Climate modelling is metaphysical enough without Dominionist and evangelical critics doing violence to reality by calling it a religion.

 

A  recent article  points instead to the  structural resemblance between 'Stay@home'  climate  computer  networking efforts,  and the cultural phenomenon of MORG's, Multi-player  Online  Role-playing  Games.


Scientific American  reports  climate activist  and  Planetary Society president  Bill  Nye, The  Science Guy  has  diverted  thousands  of home computers  linked in the  society's  search  for Extraterrestrial Intelligence into the virtual world of climate model intercomparison.

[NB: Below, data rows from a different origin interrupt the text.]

(* The mixture [(1 - e) t + e σ]: where [t] ties with [s] the strict gain of
   [σ] decides, elsewhere [t] is strictly better and [e] is small enough. *)
Lemma sdomR_mix F Q t : t \in Pi -> (forall o, o \in Q -> F s o <= F t o) ->
  sdomR F [set o in Q | F t o <= F s o] -> sdomR F Q.
Proof.
move=> tPi Fst [σ [σ_ge0 σ_sum σ_dom]].
pose S o := \sum_(x in Pi) σ x * F x o.
pose g o := F t o - F s o.
pose l o := F s o - S o.
pose N := \sum_(o in Q) `|l o| / g o.
have g_ge0 o : o \in Q -> 0 <= g o by move=> oQ; rewrite subr_ge0 Fst.
have N_ge0 : 0 <= N by apply: sumr_ge0 => o oQ; rewrite divr_ge0 ?g_ge0.
have l_le o : o \in Q -> 0 < g o -> l o <= N * g o.
  move=> oQ g_gt0; apply: le_trans (ler_norm _) _; rewrite -ler_pdivrMr //.
  rewrite /N (bigD1 o) //= lerDl; apply: sumr_ge0 => x /andP[xQ _].
  by rewrite divr_ge0 ?g_ge0.
pose e := (N + 2)^-1.
have eN : e * (N + 2) = 1 by rewrite mulVf // gt_eqF //; lra.
have e_gt0 : 0 < e by rewrite invr_gt0; lra.
have e_le1 : e <= 1 by nra.
exists (fun x => (1 - e) * (x == t)%:R + e * σ x); split.
- move=> x xPi.
  by rewrite addr_ge0 // mulr_ge0 ?subr_ge0 ?ler0n ?σ_ge0 // ltW.
- rewrite big_split /= -!mulr_sumr σ_sum.
  by rewrite sum_pure //; ring.
- move=> o oQ.
  have -> : \sum_(x in Pi) ((1 - e) * (x == t)%:R + e * σ x) * F x o =
            (1 - e) * F t o + e * S o.
    under eq_bigr do rewrite mulrDl -!mulrA.
    by rewrite big_split /= -!mulr_sumr sum_pure_mul.
  have [tie|no_tie] := boolP (F t o <= F s o).
    have := σ_dom o; rewrite inE oQ tie => /(_ isT); rewrite -/(S o).
    have := Fst o oQ; nra.
  have g_gt0 : 0 < g o by rewrite subr_gt0 ltNge.
  have := l_le o oQ g_gt0; rewrite /g /l in g_gt0 *; nra.
Qed.

Lemma BdomR_sdomR F Q0 : s \in Pi -> BdomR F Q0 -> sdomR F Q0.
Proof.
move=> sPi BdomF.
suff sdom_small n Q : (#|Q| <= n)%N -> Q \subset Q0 -> sdomR F Q by exact: sdom_small.
elim: n Q => [|n IHn] Q; first by rewrite leqn0 cards_eq0 => /eqP -> _; exact: sdomR_set0.
have [-> _ _|Qn0 Q_le QQ0] := eqVneq Q set0; first exact: sdomR_set0.
have [t tPi [Fst [o0 o0Q Fsto0]]] := BdomF Q Qn0 QQ0.
apply: sdomR_mix tPi Fst _; apply: IHn; last first.
  by apply: subset_trans QQ0; apply/subsetP => o; rewrite inE => /andP[].
rewrite -ltnS (leq_trans _ Q_le) // proper_card //; apply/properP; split.
  by apply/subsetP => o; rewrite inE => /andP[].
by exists o0; rewrite // inE o0Q -ltNge.
Qed.

End MixedDominance.

Section PowerUtility.
Variables (R : realFieldType) (T O : finType) (Pi : {set T}) (s : T).
Variables (K : nat) (e : T -> O -> nat).
Hypothesis card_lt_K : (#|O| < K)%N.
Lemma close_fixed_mover j t i k : (j < tau)%nat -> INR j <= t <= INR j + 1 ->
  (i < k)%nat -> close t i k -> (i < nfix n <= k)%nat.
Proof.
  intros Hj Ht Hik Hc. rewrite (close_on_edge j) in Hc by auto.
  destruct (i <? nfix n)%nat eqn:Ei, (k <? nfix n)%nat eqn:Ek;
    try (pose proof (xpos_same_kind_far j t i k ltac:(lia) ltac:(congruence)); lra).
  - apply Nat.ltb_lt in Ei. apply Nat.ltb_ge in Ek. lia.
  - apply Nat.ltb_ge in Ei. apply Nat.ltb_lt in Ek. lia.
Qed.

Lemma close_chain j t x y z : (j < tau)%nat -> INR j <= t <= INR j + 1 ->
  x <> y -> y <> z -> close t x y -> close t y z -> x = z.
Proof.
  intros Hj Ht Hxy Hyz Cxy Cyz. rewrite (close_on_edge j) in Cxy, Cyz by auto.
  destruct (Nat.eq_dec x z) as [|Hxz]; [auto|exfalso].
  assert (Rabs (xpos n j t x - xpos n j t z) <= 1/2) by (split_Rabs; lra).
  destruct (x <? nfix n)%nat eqn:Ex, (y <? nfix n)%nat eqn:Ey, (z <? nfix n)%nat eqn:Ez;
    first [ pose proof (xpos_same_kind_far j t x y Hxy ltac:(congruence)); lra
          | pose proof (xpos_same_kind_far j t y z Hyz ltac:(congruence)); lra
          | pose proof (xpos_same_kind_far j t x z Hxz ltac:(congruence)); lra ].
Qed.
Lemma bilip_germ_prod r1 r2 a1 a2 b1 b2 :
  bilip_germ h1 r1 a1 b1 -> bilip_germ h2 r2 a2 b2 ->
  bilip_germ (prod_map h1 h2) (Num.min r1 r2) (Num.min a1 a2) (Num.max b1 b2).
Proof.
move=> [h10 r10 a10 ab1 h1K] [h20 r20 a20 ab2 h2K].
have a0 : 0 < Num.min a1 a2 by rewrite lt_min a10 a20.
have b0 : 0 <= Num.max b1 b2 by rewrite le_max (le_trans (ltW a10) ab1).
split=> //; first exact: prod_map0.
- by rewrite lt_min r10 r20.
- by rewrite ge_min le_max ab1.
move=> x y; rewrite !lt_min => /andP[x1 x2] /andP[y1 y2].
have /andP[L1 U1] := h1K _ _ (le_lt_trans (enorm_lsubmx x) x1) (le_lt_trans (enorm_lsubmx y) y1).
have /andP[L2 U2] := h2K _ _ (le_lt_trans (enorm_rsubmx x) x2) (le_lt_trans (enorm_rsubmx y) y2).
rewrite prod_mapB.
apply: (hypot_sandwich (x1 := enorm (lsubmx x - lsubmx y)) (x2 := enorm (rsubmx x - rsubmx y)));
  rewrite ?(ltW a0) ?enorm_ge0 ?enorm_row_mx_sqr ?enorm_hsubmx_sqr ?linearB //.
- apply/andP; split; [apply: le_trans L1 | apply: le_trans U1 _];
    by apply: ler_wpM2r; rewrite ?enorm_ge0 ?ge_min ?le_max ?lexx.
- apply/andP; split; [apply: le_trans L2 | apply: le_trans U2 _];
    by apply: ler_wpM2r; rewrite ?enorm_ge0 ?ge_min ?le_max ?lexx ?orbT.
Qed.

Lemma bilip_germ_prodl r a b :
  h2 0 = 0 -> bilip_germ (prod_map h1 h2) r a b -> bilip_germ h1 r a b.
Proof.
move=> h20 [h0 r0 a0 ab hK]; split => // [|x y xr yr].
  by have := congr1 lsubmx h0; rewrite /prod_map row_mxKl !linear0.
have := hK (row_mx x 0) (row_mx y 0); rewrite !enorm_row_mx0r => /(_ xr yr).
by rewrite prod_mapB !row_mxKl !row_mxKr subrr opp_row_mx add_row_mx subrr !enorm_row_mx0r.
Qed.

Lemma bilip_germ_prodr r a b :
  h1 0 = 0 -> bilip_germ (prod_map h1 h2) r a b -> bilip_germ h2 r a b.
Proof.
move=> h10 [h0 r0 a0 ab hK]; split => // [|x y xr yr].
  by have := congr1 rsubmx h0; rewrite /prod_map row_mxKr !linear0.
have := hK (row_mx 0 x) (row_mx 0 y); rewrite !enorm_row_mx0l => /(_ xr yr).
by rewrite prod_mapB !row_mxKl !row_mxKr subrr opp_row_mx add_row_mx subrr !enorm_row_mx0l.
Qed.

End Products.

Section Directions.
Variable R : realType.
Variable k : nat.
Implicit Types (x y : nat -> 'rV[R]_k) (d : 'rV[R]_k) (S : nat -> R).

Lemma tends0P x : tends0 x <-> nullseq (fun m => enorm (x m)).
Proof. exact: nullseqP. Qed.

Lemma dir_tendsP x d : dir_tends x d <-> vlim (fun m => normalize (x m)) d.
Proof. exact: nullseqP. Qed.

Lemma negligibleP x y :
  Defs.negligible x y <-> nullseq (fun m => enorm (x m) / enorm (y m)).
Proof. exact: nullseqP. Qed.

Lemma tends0_ray S (C : nat -> 'rV[R]_k) c : pos_nullseq S -> vlim C c ->
  tends0 (fun m => S m *: C m).
Proof.
move=> [S0 S_null] /vlim_bounded[M CM]; apply/tends0P.
apply: nullseq_lew (nullseqM (M := `|M|) (fun=> lexx _) S_null) => m.
rewrite ger0_norm ?enorm_ge0 // enormZ gtr0_norm // normrM ger0_norm ?(ltW (S0 m)) //.
by apply: ler_wpM2l; [apply: ltW | apply: le_trans (CM m) (ler_norm _)].
Qed.

Lemma dir_tends_ray S (C : nat -> 'rV[R]_k) c : pos_nullseq S -> vlim C c -> c != 0 ->
  dir_tends (fun m => S m *: C m) (normalize c).
Proof.
move=> [S0 _] Cc c0; apply/dir_tendsP; apply: eq_vlimW (vlim_normalize Cc c0) => m.
exact: normalizeZ.
Qed.

Lemma Dir_ray (A : set 'rV[R]_k) S (C : nat -> 'rV[R]_k) c :
  pos_nullseq S -> vlim C c -> c != 0 -> (forall m, C m != 0) ->
  (exists N, forall m, (N <= m)%N -> A (S m *: C m)) -> Dir A (normalize c).
Proof.
move=> S_pos Cc c0 C0 [N AC].
have shift_incr : {homo addn^~ N : m n / (m < n)%N} by move=> m n; rewrite ltn_add2r.
have [S0 _] := S_pos; split; first exact: enorm_normalize.
exists (fun m => S (m + N)%N *: C (m + N)%N); split.
  move=> m; split; first by apply: AC; rewrite leq_addl.
  by apply/eqP; rewrite scaler_eq0 negb_or C0 gt_eqF.
split; first exact: (tends0_ray (pos_nullseq_sub shift_incr S_pos) (vlim_sub shift_incr Cc)).
exact: (dir_tends_ray (pos_nullseq_sub shift_incr S_pos) (vlim_sub shift_incr Cc)).
Qed.

Lemma dir_tends_neq0 x d : dir_tends x d -> enorm d = 1 ->
  exists N, forall m, (N <= m)%N -> x m != 0.
Proof.
move=> /dir_tendsP xd d1; have [N xN] := nullseq_lt xd ltr01.
exists N => m /xN; apply: contraTneq => ->.
by rewrite /normalize scaler0 sub0r enormN d1 ltxx.
Qed.

Lemma negligible_sym x y : (exists N, forall m, (N <= m)%N -> x m != 0) ->
  Defs.negligible (fun m => x m - y m) x -> Defs.negligible (fun m => x m - y m) y.
Proof.
move=> [N0 x0] /negligibleP xy; apply/negligibleP.
have [N1 xyN] := nullseq_lt xy (ltac:(by []) : 0 < 2^-1 :> R).
apply: (@nullseq_le _ _ (fun m => 2 * (enorm (x m - y m) / enorm (x m)))); last first.
  exact: nullseqZ.
exists (maxn N0 N1) => m; rewrite geq_max => /andP[/x0/enorm_gt0 xm_gt0 /xyN].
set D := enorm (x m - y m); set X := enorm (x m) => DX.
have D0 : 0 <= D := enorm_ge0 _.
have XY : X - D <= enorm (y m) by have := enorm_lerB (x m) (x m - y m); rewrite subKr.
have {}DX : D < X / 2 by rewrite ltr_pdivrMr // mulrC in DX.
have Y0 : 0 < enorm (y m) by lra.
rewrite ger0_norm ?divr_ge0 ?enorm_ge0 // ger0_norm ?mulr_ge0 ?invr_ge0 ?enorm_ge0 //.
rewrite ler_pdivrMr // (_ : _ * _ * _ = 2 * D * enorm (y m) / X).
  by rewrite ler_pdivlMr //; nra.
by rewrite mulrA mulrAC.
Qed.

Lemma pos_gauge x : tends0 x ->
  exists2 s, pos_nullseq s & forall m, x m != 0 -> s m = enorm (x m).
Proof.
move=> /tends0P x0.
exists (fun m => if x m == 0 then (m.+1%:R)^-1 else enorm (x m)); last first.
  by move=> m /negPf->.
split=> [m|]; first by case: eqVneq => [_|/enorm_gt0]; rewrite ?invr_gt0.
apply: nullseq_lew (nullseqD x0 (nullseq_inv_nat 1)) => m.
have h0 : 0 <= 1 / m.+1%:R :> R by rewrite divr_ge0.
rewrite [X in _ <= X]ger0_norm ?addr_ge0 ?enorm_ge0 //.
case: eqVneq => [->|_]; first by rewrite enorm0 add0r mul1r ger0_norm ?invr_ge0.
by rewrite ger0_norm ?enorm_ge0 // lerDl.
Qed.

End Directions.

Section Graphs.
Variable R : realType.
Variable k : nat.
Implicit Types (h : 'rV[R]_k -> 'rV[R]_k) (s : nat -> R) (v w : 'rV[R]_k).

Lemma graph_seq h (z : nat -> 'rV[R]_(k + k)) : (forall m, graph h (z m)) ->
  exists x : nat -> 'rV[R]_k, forall m, z m = row_mx (x m) (h (x m)).
Proof.
move=> zh; have [x xP] := choice (fun m => let: ex_intro2 x _ xz := zh m in ex_intro _ x xz).
by exists x => m; rewrite xP.
Qed.

Lemma Dir_graph_rescale h r K d : lip_germ h r K -> Dir (graph h) d ->
  exists2 s, pos_nullseq s & vlim (fun m => rescale h (s m) (lsubmx d)) (rsubmx d).
Proof.
move=> h_lip [_ [z [zh [/tends0P z0 /dir_tendsP zd]]]].
have [x xP] := graph_seq (fun m => (zh m).1).
pose s m := enorm (z m); have s_pos : pos_nullseq s.
  by split=> // m; apply/enorm_gt0/eqP; apply: (zh m).2.
exists s => //; have [s0 _] := s_pos.
have xd : vlim (fun m => (s m)^-1 *: x m) (lsubmx d).
  have := vlim_lsubmx zd; apply: eq_vlimW => m.
  by rewrite linearZ /=; congr (_ *: _); rewrite xP row_mxKl.
have hxd : vlim (fun m => (s m)^-1 *: h (x m)) (rsubmx d).
  have := vlim_rsubmx zd; apply: eq_vlimW => m.
  by rewrite linearZ /=; congr (_ *: _); rewrite xP row_mxKr.
have := vlimB hxd (vlim_rescale_lip h_lip s_pos xd); rewrite subr0.
by apply: eq_vlimW => m; rewrite rescaleK // opprB addrC subrK.
Qed.

Lemma Dir_graph_of_rescale h s v w : pos_nullseq s -> v != 0 ->
  vlim (fun m => rescale h (s m) v) w -> Dir (graph h) (normalize (row_mx v w)).
Proof.
move=> s_pos v0 hw; have [s0 _] := s_pos.
apply: (@Dir_ray _ _ _ s (fun m => row_mx v (rescale h (s m) v))) => //.
- exact: vlim_row_mx (vlim_cst v) hw.
- exact: row_mx_neq0l.
- by move=> m; apply: row_mx_neq0l.
- exists 0%N => m _; exists (s m *: v) => //.
  by rewrite scale_row_mx /rescale scalerA mulfV ?gt_eqF // scale1r.
Qed.
Lemma levels_increasing {R : realType} {N : R -> R} {K : nat} {s : nat -> R} :
  {homo N : x y / x <= y} -> (forall j, (j <= K)%N -> N (s j) = j%:R / K%:R) ->
  forall i j, (i < j)%N -> (j <= K)%N -> s i < s j.
Proof.
move=> N_homo N_s i j ij jK; have iK : (i < K)%N := leq_trans ij jK.
rewrite ltNge; apply/negP => /N_homo; rewrite !N_s ?(ltnW iK) //.
by rewrite ler_pM2r ?invr_gt0 ?ltr0n ?(leq_ltn_trans (leq0n i) iK) // ler_nat leqNgt ij.
Qed.

Lemma normalized_error {R : realType} (g0 g1 gx n e d : R) :
  0 <= g0 <= d -> 1 - d <= g1 <= 1 -> 0 <= gx <= 1 -> d <= 1/4 ->
  `|gx - n| <= e -> `|(gx - g0) / (g1 - g0) - n| <= e + 2 * d.
Proof.
move=> /andP[g0_ge0 g0_le] /andP[g1_ge g1_le1] /andP[gx_ge0 gx_le1] d_le.
have width : 1/2 <= g1 - g0 by lra.
set q := (gx - g0) / (g1 - g0).
have hq : q * (g1 - g0) = gx - g0 by rewrite /q mulfVK // gt_eqF //; lra.
have : `|q - gx| <= 2 * d by rewrite ler_norml; apply/andP; split; nra.
rewrite !ler_norml => /andP[? ?] /andP[? ?]; apply/andP; split; lra.
Qed.

Section Staircase.
Context {R : realType}.
Variables (K : nat) (s : nat -> R) (d : R).
Hypotheses (K_gt0 : (0 < K)%N) (d_gt0 : 0 < d) (d_le : d <= 1/4)
  (s_incr : forall i j, (i < j)%N -> (j <= K)%N -> s i < s j).

(* Chosen so that the k-th sigmoid is within d of 0 at s_k and of 1 at
   s_(k+1), see step_slope_half_gap. *)
Definition step_slope k := 2 * - ln d / (s k.+1 - s k).
Definition step_center k := (s k + s k.+1) / 2.

Definition staircase (z : R) : R :=
  \sum_(0 <= k < K) K%:R^-1 * sigmoid (step_slope k * (z - step_center k)).

Let Kpos : 0 < K%:R :> R. Proof. by rewrite ltr0n. Qed.

Let s_le i j : (i <= j)%N -> (j <= K)%N -> s i <= s j.
Proof. by rewrite leq_eqVlt => /orP[/eqP -> //|ij] jK; exact/ltW/s_incr. Qed.

Let gap_gt0 k : (k < K)%N -> 0 < s k.+1 - s k.
Proof. by move=> kK; rewrite subr_gt0 s_incr. Qed.
(** * The closed form solves the same equation *)

Lemma hyp1_PSeries_ode (g x : R) : 0 < g -> Rabs x < 1 ->
  x * PSeries (PS_derive (hyp1_coef g)) x + g * PSeries (hyp1_coef g) x = g / (1 - x).
Proof.
  intros Hg Hx.
  assert (H1 : Rbar_lt (Rabs x) (CV_radius (hyp1_coef g)))
    by (eapply Rbar_lt_Rabs; [apply CV_radius_hyp1_coef|]; auto).
  assert (H2 : Rbar_lt (Rabs x) (CV_radius (PS_derive (hyp1_coef g))))
    by (rewrite CV_radius_derive; auto).
  pose proof (is_series_PSeries _ _ H1) as SU. pose proof (is_series_PSeries _ _ H2) as SD.
  apply is_pseries_R, is_pseries_incr_1, is_pseries_R in SD.
  change (scal x (PSeries (PS_derive (hyp1_coef g)) x))
    with (x * PSeries (PS_derive (hyp1_coef g)) x) in SD.
  pose proof (is_series_Rplus _ _ _ _ SD (is_series_Rscal g _ _ SU)) as S.
  rewrite <- (is_series_unique _ _ (is_series_geom_scal g x Hx)), <- (is_series_unique _ _ S).
  apply Series_ext. intro n. destruct n as [|n].
  - change (PS_incr_1 (PS_derive (hyp1_coef g)) 0) with 0. unfold hyp1_coef. simpl. field. lra.
  - simpl. unfold PS_derive, hyp1_coef. rewrite !S_INR. field. pose proof (pos_INR n). lra.
Qed.

Lemma is_derive_xi (q z : R) : z < 1 -> is_derive (xi q) z ((q - 1) / (1 - z) ^ 2).
Proof. intro Hz. unfold xi. auto_derive; [lra|]. field. lra. Qed.

Lemma Rabs_xi_lt_1 (q z : R) : 0 <= q < 1 -> z < 1 / 2 -> Rabs (xi q z) < 1.
Proof.
  intros Hq Hz. unfold xi. apply Rabs_def1;
    (apply Rmult_lt_reg_r with (1 - z); [lra | field_simplify; lra]).
Qed.

Lemma xi_neq0 (q z : R) : z < 1 -> z <> q -> xi q z <> 0.
Proof.
  intros Hz Hzq. unfold xi, Rdiv.
  apply Rmult_integral_contrapositive; split; [|apply Rinv_neq_0_compat]; lra.
Qed.

(* |xi|^g, in a form that auto_derive can differentiate wherever xi <> 0 *)
Definition xi_weight (g q t : R) : R := exp (g / 2 * ln (xi q t ^ 2)).

Lemma xi_weight_bound (g q z : R) : 0 < g -> 0 <= q < 1 -> z < 1 / 2 -> z <> q ->
  0 < xi_weight g q z <= 1.
Proof.
  intros Hg Hq Hz Hzq. unfold xi_weight. split; [apply exp_pos|].
  pose proof (Rabs_xi_lt_1 q z Hq Hz) as Hx. apply Rabs_def2 in Hx.
  pose proof (pow2_gt_0 _ (xi_neq0 q z ltac:(lra) Hzq)).
  assert (ln (xi q z ^ 2) < 0) by (rewrite <- ln_1; apply ln_increasing; nra).
  rewrite <- exp_0. apply Rlt_le, exp_increasing. nra.
Qed.

Lemma is_derive_xi_weight (g q z : R) : z < 1 -> z <> q ->
  is_derive (xi_weight g q) z (xi_weight g q z * (g * (q - 1) / ((1 - z) * (q - z)))).
Proof.
  intros Hz Hzq. pose proof (pow2_gt_0 _ (xi_neq0 q z Hz Hzq)) as Hx0.
  unfold xi_weight, xi in *. auto_derive; [repeat split; [lra | exact Hx0]|].
  set (E := exp (g / 2 * ln (((q - z) / (1 - z)) ^ 2))).
  change (exp (g / 2 * ln ((q + - z) * / (1 + - z) * ((q + - z) * / (1 + - z) * 1)))) with E.
  field. repeat split; lra.
Qed.

Lemma exists_right_nbhd_avoiding (q : R) :
  exists s, 0 < s <= 1 / 2 /\ forall z, 0 < z < s -> z <> q.
Proof.
  destruct (Rlt_le_dec 0 q).
  - exists (Rmin (1 / 2) q). pose proof (Rmin_l (1 / 2) q). pose proof (Rmin_r (1 / 2) q).
    split; [split; [apply Rmin_glb_lt|]|intros z Hz]; lra.
  - exists (1 / 2). split; [|intros z Hz]; lra.
Qed.

Definition hyp_log_pgf (g q th z : R) : R := - (th / g) * PSeries (hyp1_coef g) (xi q z).

Section ClosedForm.
Variables (g q th : R).
Hypotheses (Hg : 0 < g) (Hq : 0 <= q < 1) (Hth : 0 < th).
Let Q := qcoef th g q.
Let D (z : R) : R := hyp_log_pgf g q th z - PSeries Q z.

Lemma hyp_log_pgf_ode (z : R) : z < 1 / 2 ->
  exists d, is_derive (hyp_log_pgf g q th) z d /\
    (q - z) * (1 - z) * d - g * (1 - q) * hyp_log_pgf g q th z = th * (1 - z).
Proof.
  intro Hz. pose proof (Rabs_xi_lt_1 q z Hq Hz) as Hx.
  assert (H1 : Rbar_lt (Rabs (xi q z)) (CV_radius (hyp1_coef g)))
    by (eapply Rbar_lt_Rabs; [apply CV_radius_hyp1_coef|]; auto).
  pose proof (is_derive_comp _ _ _ _ _ (is_derive_PSeries _ _ H1) (is_derive_xi q z ltac:(lra)))
    as HC.
  eexists. split; [exact (is_derive_scal _ _ (- (th / g)) _ HC)|].
  pose proof (hyp1_PSeries_ode g _ Hg Hx) as Hid. unfold hyp_log_pgf.
  do 2 change (scal ?a ?b) with (a * b).
  set (Dr := PSeries (PS_derive (hyp1_coef g)) (xi q z)) in *.
  set (U := PSeries (hyp1_coef g) (xi q z)) in *.
  assert (E1 : (q - z) * (1 - z) * (- (th / g) * ((q - 1) / (1 - z) ^ 2 * Dr)) =
     th / g * (1 - q) * (xi q z * Dr)) by (unfold xi; field; split; lra).
  rewrite E1. replace (xi q z * Dr) with (g / (1 - xi q z) - g * U) by lra.
  assert (1 - xi q z <> 0) by (apply Rabs_def2 in Hx; lra).
  unfold xi in *. field. repeat split; lra.
Qed.

Lemma hyp_log_pgf_0 : hyp_log_pgf g q th 0 = Q O.
Proof.
  unfold hyp_log_pgf, Q. simpl qcoef.
  replace (xi q 0) with q by (unfold xi; field).
  rewrite hyp2F1_1_PSeries by (auto; rewrite Rabs_pos_eq; lra). reflexivity.
Qed.

Lemma hyp_log_pgf_diff_ode (z : R) : - 1 / 2 < z < 1 / 2 ->
  exists d, is_derive D z d /\ (q - z) * (1 - z) * d = g * (1 - q) * D z.
Proof.
  intro Hz. assert (Hz1 : Rabs z < 1) by (apply Rabs_def1; lra).
  destruct (hyp_log_pgf_ode z ltac:(lra)) as [d [Hd Ed]].
  assert (Hr : Rbar_lt (Rabs z) (CV_radius Q))
    by (eapply Rbar_lt_Rabs; [apply CV_radius_qcoef|]; auto).
  pose proof (qcoef_PSeries_ode g q th Hg Hq Hth z Hz1) as EL.
  eexists. split; [exact (is_derive_minus _ _ _ _ _ Hd (is_derive_PSeries _ _ Hr))|].
  unfold D, minus, plus, opp; simpl. fold Q in EL. lra.
Qed.

(* Off z = q the equation says (D |xi|^g)' = 0, and |xi|^g <= 1. *)
Lemma hyp_log_pgf_eq_qcoef_PSeries :
  exists s, 0 < s <= 1 / 2 /\ forall z, 0 < z < s -> hyp_log_pgf g q th z = PSeries Q z.
Proof.
  destruct (exists_right_nbhd_avoiding q) as [s [Hs Hzq]]. exists s. split; [exact Hs|].
  intros z Hz. apply Rminus_diag_uniq. fold (D z). revert z Hz.
  apply (weighted_const_eq0 D (xi_weight g q) s); try lra.
  - destruct (hyp_log_pgf_diff_ode 0 ltac:(lra)) as [d [Hd _]].
    exact (is_derive_continuity_pt _ _ _ Hd).
  - unfold D. rewrite PSeries_0, hyp_log_pgf_0. ring.
  - intros z Hz. apply xi_weight_bound; auto; lra.
  - apply is_derive_0_const. intros z Hz. specialize (Hzq z Hz).
    destruct (hyp_log_pgf_diff_ode z ltac:(lra)) as [d [Hd Ed]].
    assert (Hd' : d = g * (1 - q) * D z / ((q - z) * (1 - z))).
    { apply Rmult_eq_reg_l with ((q - z) * (1 - z)).
      - rewrite Ed. field. split; lra.
      - apply Rmult_integral_contrapositive; split; lra. }
    replace 0 with (d * xi_weight g q z
      + D z * (xi_weight g q z * (g * (q - 1) / ((1 - z) * (q - z))))).
    + exact (is_derive_mult _ _ _ _ _ Hd (is_derive_xi_weight g q z ltac:(lra) Hzq) Rmult_comm).
    + rewrite Hd'. field. split; lra.
Qed.

End ClosedForm.

(** * From the logarithm to the law *)

Lemma PS_derive_eq_mult_of_exp (a b : nat -> R) (eps : R) : 0 < eps ->
  Rbar_le eps (CV_radius a) -> Rbar_le eps (CV_radius b) ->
  (forall z, 0 < z < eps -> PSeries a z = exp (PSeries b z)) ->
  forall n, PS_derive a n = PS_mult a (PS_derive b) n.
Proof.
  intros He Ha Hb H.
  assert (Hin : forall c z, Rbar_le eps (CV_radius c) -> 0 <= z < eps ->
                 Rbar_lt (Rabs z) (CV_radius c)).
  { intros c z Hc Hz. eapply Rbar_lt_Rabs; [exact Hc|]. rewrite Rabs_pos_eq; lra. }
  assert (Hb' : Rbar_le eps (CV_radius (PS_derive b))) by (rewrite CV_radius_derive; auto).
  apply PSeries_coef_unique_right with (eps / 2); [lra | | |].
  - rewrite CV_radius_derive. eapply Rbar_le_trans; [|exact Ha]. simpl; lra.
  - replace (eps / 2) with (Rabs (eps / 2)) by (apply Rabs_pos_eq; lra).
    apply CV_radius_ge_ex_pseries, ex_pseries_mult; apply Hin; auto; lra.
  - intros z Hz. rewrite PSeries_mult by (apply Hin; auto; lra).
    assert (Hloc : locally z (fun t => exp (PSeries b t) = PSeries a t)).
    { apply (filter_imp (fun t => 0 < t /\ t < eps)); [intros t Ht; now rewrite H|].
      apply (open_and _ _ (open_gt 0) (open_lt eps)). lra. }
    pose proof (is_derive_PSeries a z (Hin a z Ha ltac:(lra))) as Da.
    pose proof (is_derive_ext_loc _ _ _ _ Hloc (is_derive_comp exp (PSeries b) z _ _
      (is_derive_exp _) (is_derive_PSeries b z (Hin b z Hb ltac:(lra))))) as Db.
    rewrite <- (is_derive_unique _ _ _ Da), (is_derive_unique _ _ _ Db), <- H by lra.
    apply Rmult_comm.
Qed.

Citing Myles Allen of Oxford and U.K. Met Office head Peter Stott, SciAm says of the antrthropogenic weather attribution initiative  :
"The only thing needed to run it is people with a modicum of nerdiness who compete with each other to analyze the most signals and track their contributions on leaderboards... 
Kevin Trenberth, an atmospheric scientist at the National Center for Atmospheric Research...says, and some scientists agree, that attribution studies that use climate models do not work well for weather events that are local and dynamic—...
"The issue always is, how good is the model, how realistic is the model compared with the real world?" he said. "With some of the work that is being done in the U.S., especially with regard to NOAA, a lot of the stuff which is being done is too heavily oriented toward the model, and the model isn’t good enough. As a result, the statements are not reliable for the real world."
Attribution scientists are aware of the limitations, of course. They choose their models carefully, layer different approaches and stress the limits of their knowledge. They often emphasize caveats with statements like, "It is a single model, or a single methodology." But sometimes, they don’t. 
The general public probably does not understand the nuance, acknowledged Stephanie Herring, an attribution scientist at NOAA’s National Centers for Environmental Information.

Back when supercomputers where rare and  expensive and networking idle PC's made excellent sense, my late physics mentor Phil Morrison was happy to let SETI  run on his own home computer. But in the decades since, Moore's Law has driven the cost of number crunching down by a factor of a million. Bill Nye  might ask himself if PC disaster fishing is intellectually serious, or an exercise in performance art.